On June 11, 2012, the Arendt blog entry was titled "The Alternative To Forgiveness," which Arendt has identified as "punishment."

In The Human Condition, Arendt positions punishment as an alternative to forgiveness ... All actions, Arendt argues, are necessarily unpredictable and irreversible. We cannot know with certainty what will happen as a result of our actions, nor can we undo them. These two uncomfortable facts about action might otherwise paralyze us from doing anything, but thankfully we have the ability to make promises about the uncertain future and to both seek and grant forgiveness, absolving past harms. Were it not for these faculties we would be unable to reconcile our own finite existence with the fundamental plurality of the human condition. Without forgiveness in particular, we would be forever "confined to one single deed from which we could never recover; we would remain the victims of its consequences forever, not unlike the sorcerer's apprentice who lacked the magic formula to break the spell."

Forgiveness can resolve the fact of irreversibility because, Arendt succinctly notes, it is able to put "an end to something that without interference could go on endlessly."
This observation essentially claims that forgiveness is "revolutionary" (in the way that Arendt consistently uses the term), because forgiveness can allow a whole new story to begin. Without forgiveness, the stories we tell ourselves, and the stories we tell our children, will be nothing but the cyclical repetitions of the stories of all the insults and injuries that we have suffered in the past, however clothed those stories may be in new designs.

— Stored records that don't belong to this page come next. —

(* Let $q$ be a prime power, $m$ and $g$ positive integers, and let $p_1(x),\dots,p_g(x)\in\mathbb{F}_q[x]$ be polynomials of degree $m$ with $\gcd(p_i,p_j)=1$ for all $1\le i\ne j\le g$. For $1\le i\le g$ let $V_i=\{f(x)/p_i(x):\ f\in\mathbb{F}_q[x],\ \deg f\le m-1\}$. Let $Q(x)\in\mathbb{F}_q[x]$ be an irreducible polynomial coprime with every $p_i(x)$, and for a rational function $u\in V_i$ let $u(Q)$ denote the residue class of $u$ in $\mathbb{F}_q[x]/(Q(x))\cong\mathbb{F}_{q^{\deg Q}}$. Let $T\subseteq\{1,\dots,g\}$ with $|T|\le \deg(Q)/m$. If $g_i\in V_i$ ($i\in T$) satisfy $\sum_{i\in T} g_i(Q)=0$, then $g_i=0$ for all $i\in T$.
   Context: The residue class $u(Q)$ of $u=f/p_i$ is well defined since $p_i$ is invertible modulo the irreducible polynomial $Q$ coprime to it. *)

From HB Require Import structures.
From mathcomp Require Import all_boot all_order all_algebra.
Set Implicit Arguments. Unset Strict Implicit. Unset Printing Implicit Defensive.
Import GRing.Theory.
Local Open Scope ring_scope.

(* The monic associate of Q; it generates the same ideal (Q) of F[x]. *)
Definition monic_assoc (F : fieldType) (Q : {poly F}) : {poly F} :=
  (lead_coef Q)^-1 *: Q.

(* Residue class u(Q) in F[x]/(Q) of the rational function u = f / p,
   computed as [f] * [p]^-1 in the quotient ring {poly %/ monic_assoc Q}. *)
Definition resid (F : fieldType) (Q p f : {poly F}) : {poly %/ monic_assoc Q} :=
  in_qpoly (monic_assoc Q) f / in_qpoly (monic_assoc Q) p.

(* Clearing denominators, sum_(i in T) f_i / p_i = N / prod_(i in T) p_i with
   N = sum_(i in T) f_i * prod_(j in T, j != i) p_j.  The hypothesis says that
   Q divides N, while deg N < m |T| <= deg Q; hence N = 0.  Reducing N modulo
   p_i, which is coprime to the other p_j, then gives p_i | f_i, and
   deg f_i < deg p_i forces f_i = 0. *)
From HB Require Import structures.
From mathcomp Require Import all_boot all_order all_algebra.
From mathcomp Require Import zify.

Set Implicit Arguments.
Unset Strict Implicit.
Unset Printing Implicit Defensive.

Import GRing.Theory Num.Theory.
Local Open Scope ring_scope.

Lemma dvdp_sumr (R : idomainType) (I : Type) (r : seq I) (P : pred I)
    (F : I -> {poly R}) (d : {poly R}) :
  (forall i, P i -> d %| F i) -> d %| \sum_(i <- r | P i) F i.
Proof. by move=> dF; elim/big_ind: _; [exact: dvdp0 | exact: dvdp_add | exact: dF]. Qed.

Section PolyProducts.
Variables (R : idomainType) (I : finType) (P : pred I) (p : I -> {poly R}).

Lemma dvdp_prod i : P i -> p i %| \prod_(j | P j) p j.
Proof. by move=> Pi; rewrite (bigD1 i) //= dvdp_mulIl. Qed.

Lemma coprimep_prodr q :
  (forall j, P j -> coprimep q (p j)) -> coprimep q (\prod_(j | P j) p j).
Proof.
move=> cop; elim/big_ind: _ => [|x y cx cy|]; last exact: cop.
  exact: coprimep1.
by rewrite coprimepMr cx cy.
Qed.

Lemma size_prod_leq_uniform n :
  (forall j, P j -> (size (p j) <= n.+1)%N) ->
  (size (\prod_(j | P j) p j)%R <= n * #|P| + 1)%N.
Proof.
move=> size_p; apply: leq_trans (size_poly_prod_leq _ _) _.
have : (\sum_(j | P j) size (p j) <= \sum_(j | P j) n.+1)%N.
  by apply: leq_sum => j /size_p.
rewrite sum_nat_const mulnC; lia.
Qed.

End PolyProducts.

Section CommonNumerator.
Variables (R : idomainType) (I : finType) (T : {set I}) (p f : I -> {poly R}).

Definition common_numer : {poly R} :=
  \sum_(i in T) f i * \prod_(j in T | j != i) p j.

Lemma size_common_numer m :
    {in T, forall i, size (p i) = m.+1} -> {in T, forall i, (size (f i) <= m)%N} ->
  (size common_numer <= m * #|T|)%N.
Proof.
move=> size_p size_f; elim/big_ind: common_numer => [||i iT].
- by rewrite size_poly0.
- by move=> x y sx sy; apply: leq_trans (size_polyD _ _) _; rewrite geq_max sx sy.
have card_Ti : #|[pred j | (j \in T) && (j != i)]| = #|T|.-1.
  by rewrite (cardD1 i T) iT; apply: eq_card => j; rewrite !inE andbC.
have size_prod : (size (\prod_(j in T | j != i) p j)%R <= m * #|T|.-1 + 1)%N.
  by rewrite -card_Ti; apply: size_prod_leq_uniform => j /andP[jT _]; rewrite size_p.
apply: leq_trans (size_mul_leq _ _) _.
have := size_f i iT; have : (0 < #|T|)%N by apply/card_gt0P; exists i.
move: size_prod; case: #|T| => // k; rewrite mulnS; lia.
Qed.

Lemma common_numer_eq0 :
    {in T &, forall i j, i != j -> coprimep (p i) (p j)} ->
    {in T, forall i, (size (f i) < size (p i))%N} ->
  common_numer = 0 -> {in T, forall i, f i = 0}.
Proof.
move=> cop small numer0 i iT.
have p_dvd_fi : p i %| f i * \prod_(j in T | j != i) p j.
  have : p i %| common_numer by rewrite numer0 dvdp0.
  rewrite /common_numer (bigD1 i iT) /= addrC dvdp_addr //.
  apply: dvdp_sumr => k /andP[kT ki]; apply: dvdp_mull; apply: dvdp_prod.
  by rewrite iT eq_sym.
rewrite Gauss_dvdpl in p_dvd_fi; last first.
  by apply: coprimep_prodr => j /andP[jT ji]; apply: cop; rewrite // eq_sym.
apply/eqP/contraT => fi_nz.
by rewrite (gtNdvdp fi_nz (small i iT)) in p_dvd_fi.
Qed.

End CommonNumerator.

Section Residues.
Variables (F : fieldType) (Q : {poly F}).
Hypothesis Q_nonconst : (1 < size Q)%N.
Local Notation h := (monic_assoc Q).

Lemma monic_assoc_monic : h \is monic.
Proof.
have Q_nz : Q != 0 by rewrite -size_poly_gt0 ltnW.
by rewrite monicE lead_coefZ mulVf ?lead_coef_eq0.
Qed.

Lemma lead_coef_inv_neq0 : (lead_coef Q)^-1 != 0.
Proof. by rewrite invr_eq0 lead_coef_eq0 -size_poly_gt0 ltnW. Qed.

Lemma mk_monic_assoc : mk_monic h = h.
Proof.
by rewrite /mk_monic size_scale ?lead_coef_inv_neq0 // Q_nonconst monic_assoc_monic.
Qed.

Lemma in_qpoly_monic_assocE x : in_qpoly h x = x %% h :> {poly F}.
Proof.
by rewrite /= mk_monic_assoc -Pdiv.IdomainMonic.modpE // monic_assoc_monic.
Qed.

Lemma in_qpoly_monic_assoc_eq0 x : (in_qpoly h x == 0) = (Q %| x).
Proof.
have -> : (in_qpoly h x == 0) = (x %% h == 0).
  by rewrite -in_qpoly_monic_assocE; apply/eqP/eqP => [->|e] //; apply: val_inj; exact: e.
by rewrite (sameP eqP (modp_eq0P _ _)) dvdpZl // lead_coef_inv_neq0.
Qed.

Lemma in_qpoly_monic_assoc_unit x :
  coprimep Q x -> in_qpoly h x \is a GRing.unit.
Proof.
move=> cop; rewrite unfold_in /= mk_monic_assoc.
rewrite -Pdiv.IdomainMonic.modpE ?monic_assoc_monic // coprimep_modr.
by rewrite coprimepZl // lead_coef_inv_neq0.
Qed.

Lemma resid_sum_eq0_dvdp (I : finType) (T : {set I}) (p f : I -> {poly F}) :
    {in T, forall i, coprimep Q (p i)} ->
    \sum_(i in T) resid Q (p i) (f i) = 0 -> Q %| common_numer T p f.
Proof.
move=> cop sum0; rewrite -in_qpoly_monic_assoc_eq0 /common_numer rmorph_sum /=.
rewrite (eq_bigr (fun i => resid Q (p i) (f i) * in_qpoly h (\prod_(j in T) p j))).
  by rewrite -mulr_suml sum0 mul0r.
move=> i iT; rewrite (bigD1 i iT) /= !rmorphM /resid mulrA divrK //.
exact: in_qpoly_monic_assoc_unit (cop i iT).
Qed.

End Residues.

Theorem lemma3p1 (F : finFieldType) (m g : nat) (p : 'I_g -> {poly F})
    (Q : {poly F}) (T : {set 'I_g}) (f : 'I_g -> {poly F}) :
  (0 < m)%N -> (0 < g)%N ->
  (forall i, size (p i) = m.+1) ->
  (forall i j, i != j -> coprimep (p i) (p j)) ->
  irreducible_poly Q ->
  (forall i, coprimep Q (p i)) ->
  ((#|T|)%:R <= ((size Q).-1)%:R / m%:R :> rat) ->
  (forall i, i \in T -> (size (f i) <= m)%N) ->
  \sum_(i in T) resid Q (p i) (f i) = 0 ->
  forall i, i \in T -> f i = 0.
Proof.
move=> m_gt0 _ size_p cop_p Q_irr cop_Q card_T size_f sum0.
have Q_nonconst : (1 < size Q)%N by case: Q_irr.
have numer_small : (size (common_numer T p f) < size Q)%N.
  have card_T_lt : (m * #|T| < size Q)%N.
    by move: card_T; rewrite ler_pdivlMr ?ltr0n // -natrM ler_nat; lia.
  apply: leq_ltn_trans card_T_lt.
  by apply: size_common_numer => i iT; [exact: size_p | exact: size_f].
have numer0 : common_numer T p f = 0.
  apply/eqP/contraT => numer_nz.
  have : Q %| common_numer T p f by apply: resid_sum_eq0_dvdp => // i _.
  by rewrite (gtNdvdp numer_nz numer_small).
apply: common_numer_eq0 numer0 => [i j _ _ /cop_p // | i iT].
by rewrite size_p ltnS size_f.
Qed.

Unless we can free ourselves through forgiveness, our present existence is constrained and confined in the warp and woof of our own past actions, and of the past actions that have done us harm. It is only forgiveness - and forgiveness to the point of forgetting - that will allow us to escape that woven constraint of wrongs done and suffered, and that will permit us to move ahead, in new directions, and to make a new path.